Fernando Alonso retired from the Canadian Grand Prix after 23 laps because a recurring seat problem left him in too much discomfort to continue, with Aston Martin admitting its more reclined 2026 cockpit position may have gone too far.
The issue had already affected Alonso in Saturday’s sprint, and the team tried to address it overnight before the main race. That did not solve it. With Alonso out of the points and no weather interruption likely to change the picture, Aston Martin chose to bring him in.
“We had this seat issue where I feel more and more uncomfortable with the laps. The position doesn't feel the right one, and yeah, we were obviously out of the points, quite far from the points, and no threat of rain anymore.
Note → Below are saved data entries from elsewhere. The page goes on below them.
(** a + i b is a (complex) eigenvalue of the real n x n matrix J:
    there is a nonzero complex vector u + i w with J (u+iw) = (a+ib)(u+iw). *)
Definition is_ceig (n : nat) (J : nat -> nat -> R) (a b : R) : Prop :=
  exists u w : nat -> R,
    (exists k, (k < n)%nat /\ (u k <> 0 \/ w k <> 0)) /\
    forall i, (i < n)%nat ->
      fsum n (fun j => J i j * u j) = a * u i - b * w i /\
      fsum n (fun j => J i j * w j) = b * u i + a * w i.

Definition equilibrium (n : nat) (F : (nat -> R) -> (nat -> R)) (p : nat -> R) :=
  forall i, (i < n)%nat -> F p i = 0.

(** principal complex square root of a real number, as (Re, Im) *)
Definition csqrt (D : R) : R * R :=
  if Rle_dec 0 D then (sqrt D, 0) else (0, sqrt (- D)).

Definition stable_focus n F p : Prop :=
  equilibrium n F p /\ exists J, is_jacobian n F p J /\
    (forall a b, is_ceig n J a b -> a < 0) /\
    (exists a b, is_ceig n J a b /\ b <> 0).

Definition stable_node n F p : Prop :=
  equilibrium n F p /\ exists J, is_jacobian n F p J /\
    (forall a b, is_ceig n J a b -> b = 0 /\ a < 0).

Definition saddle n F p : Prop :=
  equilibrium n F p /\ exists J, is_jacobian n F p J /\
    (forall a b, is_ceig n J a b -> b = 0 /\ a <> 0) /\
    (exists a, is_ceig n J a 0 /\ 0 < a) /\
    (exists a, is_ceig n J a 0 /\ a < 0).

Definition non_hyperbolic n F p : Prop :=
  equilibrium n F p /\ exists J, is_jacobian n F p J /\
    exists b, is_ceig n J 0 b.
Definition is_inv_sqrt n (P M : 'M[C]_n) : Prop :=
  adjmx P = P /\ spec_pos P /\ P *m P *m M = 1%:M.

Variable V : lmodType C.

(* scalar matrices acting on M_n(V):  T^* A T  for T in M_{n,k} *)
Definition sandwich n k (T : 'M[C]_(n, k)) (A : 'M[V]_n) : 'M[V]_k :=
  \matrix_(i < k, j < k) \sum_(p < n) \sum_(q < n) (((T p i)^* * T q j) *: A p q).

Definition opnorm2_le n k (X : 'M[C]_(n, k)) (c : C) : Prop :=
  forall v : 'cV[C]_k,
    (adjmx (X *m v) *m (X *m v)) ord0 ord0 <= c * (adjmx v *m v) ord0 ord0.

Definition matrix_gauge (nu : forall n, 'M[V]_n -> C) : Prop :=
  (forall n (A : 'M[V]_n), 0 <= nu n A) /\
  (forall n (A B : 'M[V]_n), nu n (A + B) <= nu n A + nu n B) /\
  (forall n (t : C) (A : 'M[V]_n), 0 <= t -> nu n (map_mx (fun v => t *: v) A) = t * nu n A) /\
  (forall n k (X : 'M[C]_(n, k)) (A : 'M[V]_n) (c : C), 0 <= c ->
      opnorm2_le X c -> nu k (sandwich X A) <= c * nu n A) /\
  (forall n m (A : 'M[V]_n) (B : 'M[V]_m),
      nu (n + m)%N (block_mx A 0 0 B) = Num.max (nu n A) (nu m B)).

Definition C_proper (nu : forall n, 'M[V]_n -> C) : Prop :=
  forall z : V, (forall k : nat, (k < 4)%N -> nu 1%N (const_mx ('i ^+ k *: z)) = 0) -> z = 0.

(* Unitization: u_n(A, X) = inf { t > 0 : X_t >> 0, nu_n(X_t^{-1/2} A X_t^{-1/2}) <= 1 },
   X_t = t I - Re X.  Admissible t : *)
Definition u_adm (nu : forall n, 'M[V]_n -> C) n (A : 'M[V]_n) (X : 'M[C]_n) (t : C) : Prop :=
  0 < t /\
  let Xt := t%:M - Remx X in
  spec_pos Xt /\ exists P : 'M[C]_n, is_inv_sqrt P Xt /\ nu n (sandwich P A) <= 1.

(* u_n(A, X) = 0  (infimum of a subset of (0,oo) equal to 0) *)
Definition u_zero (nu : forall n, 'M[V]_n -> C) n (A : 'M[V]_n) (X : 'M[C]_n) : Prop :=
  forall eps : C, 0 < eps -> exists t, t < eps /\ u_adm nu A X t.

Definition accretive (nu : forall n, 'M[V]_n -> C) n (A : 'M[V]_n) (X : 'M[C]_n) : Prop :=
  u_zero nu (- A) (- X).

End Defs.

Section OpSys.
Variable C : numClosedFieldType.

Definition inner_product (K : lmodType C) (ip : K -> K -> C) : Prop :=
  (forall (a : C) (x y z : K), ip (a *: x + y) z = a * ip x z + ip y z) /\
  (forall x y : K, ip y x = (ip x y)^*) /\
  (forall x : K, 0 <= ip x x) /\
  (forall x : K, ip x x = 0 -> x = 0).

Variable K : lmodType C.
Variable ip : K -> K -> C.

Definition lin_op (T : K -> K) : Prop :=
  forall (a : C) (x y : K), T (a *: x + y) = a *: T x + T y.

Definition bounded_op (T : K -> K) : Prop :=
  exists c : C, forall x : K, ip (T x) (T x) <= c * ip x x.

Definition is_adjoint (T T' : K -> K) : Prop :=
  forall x y : K, ip (T x) y = ip x (T' y).

Definition operator_system (S : (K -> K) -> Prop) : Prop :=
  (forall T, S T -> lin_op T /\ bounded_op T) /\
  S (fun x => x) /\
  (forall (a : C) T1 T2, S T1 -> S T2 -> S (fun x => a *: T1 x + T2 x)) /\
  (forall T, S T -> exists T', S T' /\ is_adjoint T T').

Definition qform n (s : 'M[K -> K]_n) (xi : 'I_n -> K) : C :=
  \sum_(i < n) ip (\sum_(j < n) s i j (xi j)) (xi i).

(* Re(s) <= t (e ⊗ I_n) in B(K^n):  <(t I - Re s) xi, xi> >= 0 for all xi,
   using <Re(s) xi, xi> = Re <s xi, xi>. *)
Definition Re_le n (s : 'M[K -> K]_n) (t : C) : Prop :=
  forall xi : 'I_n -> K, 'Re (qform s xi) <= t * \sum_(i < n) ip (xi i) (xi i).

(* nu_e^n(s) <= c, where nu_e^n(s) = inf { t > 0 : Re(s) <= t e ⊗ I_n } *)
Definition nu_e_le n (s : 'M[K -> K]_n) (c : C) : Prop :=
  forall eps : C, 0 < eps -> exists t, 0 < t /\ t < c + eps /\ Re_le s t.

Definition Re_nonneg n (s : 'M[K -> K]_n) : Prop :=
  forall xi : 'I_n -> K, 0 <= 'Re (qform s xi).

Variable V : lmodType C.

Definition lin_map (phi : V -> K -> K) : Prop :=
  forall (a : C) (v w : V) (x : K), phi (a *: v + w) x = a *: phi v x + phi w x.

Definition ampl n (phi : V -> K -> K) (A : 'M[V]_n) : 'M[K -> K]_n :=
  \matrix_(i, j) phi (A i j).

Definition unital_ext n (phi : V -> K -> K) (A : 'M[V]_n) (X : 'M[C]_n) : 'M[K -> K]_n :=
  \matrix_(i, j) (fun x => phi (A i j) x + X i j *: x).

End OpSys.

From HB Require Import structures.
From mathcomp Require Import all_boot all_order all_algebra.
From mathcomp Require Import ring.
From Stdlib Require Import FunctionalExtensionality.
Set Implicit Arguments. Unset Strict Implicit. Unset Printing Implicit Defensive.
Import Order.TTheory GRing.Theory Num.Theory.
Local Open Scope ring_scope.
So we decided to stop the pain,” Alonso told Crash.net.
He said the attempted fix between Saturday and Sunday had failed. “We tried to modify a few things last night, didn't work, so we try to make a new one for Monaco.”
What makes the retirement more significant for Aston Martin is that the problem does not appear to be a simple one-off fit issue. Aston Martin chief trackside officer Mike Krack said the team’s 2026 driver positioning has moved toward a lower, more reclined layout as it chases the usual gains in center of gravity and reduced aerodynamic disruption from the helmet.
Krack said that approach may now need to be revisited. He explained that Alonso “has been uncomfortable for a while,” with the pain developing as a pressure point that worsens over a run rather than an immediate failure point. “We need to reconsider a little bit the positioning,” Krack said. “Maybe we have done a step too far, but it's something we need to check.”
He added that Aston Martin may have to move back toward its previous seating geometry instead of pushing the lying-down position any further. “I think we need to reconsider, maybe a little bit, going back to how we have been in the past.”
That leaves Aston Martin trying to solve more than a race-day irritation before Monaco. The team now plans to prepare a new seat for Alonso, and Canada became his third retirement in the first five races of 2026, a costly outcome on a weekend that had at least hinted at slightly better competitiveness before ending before lap 30.